[Stored items]
------------------------------------------------------------------------

(* Let $(M,J,g)$ be a $2n$-dimensional Kähler manifold which is an asymptotic harmonic manifold up to order 2, with constants $\Lambda_1,\Lambda_2$. Then $$\Lambda_1^2-\frac{2(n+1)^2}{n+7}\Lambda_2\le 0,$$ and equality holds if and only if $M$ has constant holomorphic sectional curvature $\frac{\tau}{n(n+1)}$.
   Context: Conventions: $R(X,Y)Z=[\nabla_X,\nabla_Y]Z-\nabla_{[X,Y]}Z$; components w.r.t. a local orthonormal frame, $R_{abcd}=g(R(e_a,e_b)e_c,e_d)$, $\rho_{ij}=R_{aija}$, $\tau=\rho_{aa}$, summation over repeated indices. For $x=\xi^ie_i\in T_pM$ write $R_{axxb}=R_{aijb}\xi^i\xi^j$. A Riemannian manifold is an asymptotic harmonic manifold up to order 2 if there are real constants $\Lambda_1,\Lambda_2$ (independent of the point) such that for every $p\in M$ and every $x\in T_pM$: $R_{axxa}=\Lambda_1|x|^2$ and $R_{axxb}R_{bxxa}=\Lambda_2|x|^4$. *)

(* Pointwise (algebraic) model of the curvature data of a
   Kaehler manifold, expressed in components w.r.t. a local orthonormal frame
   e_0,...,e_{2n-1} at each point p : M. *)
From HB Require Import structures.
From mathcomp Require Import all_boot all_order all_algebra.
Set Implicit Arguments. Unset Strict Implicit. Unset Printing Implicit Defensive.
Import Order.TTheory GRing.Theory Num.Theory.
Local Open Scope ring_scope.

Section Curv.
Variables (R : realFieldType) (N : nat).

------------------------------------------------------------------------

ASSIGNMENT
Take the line holding "Import Order.TTheory GRing.Theory Num.Theory." and all lines after it through the end of the data, and set them down exactly.

TASK SOLUTION
Import Order.TTheory GRing.Theory Num.Theory.
Local Open Scope ring_scope.

Section Curv.
Variables (R : realFieldType) (N : nat).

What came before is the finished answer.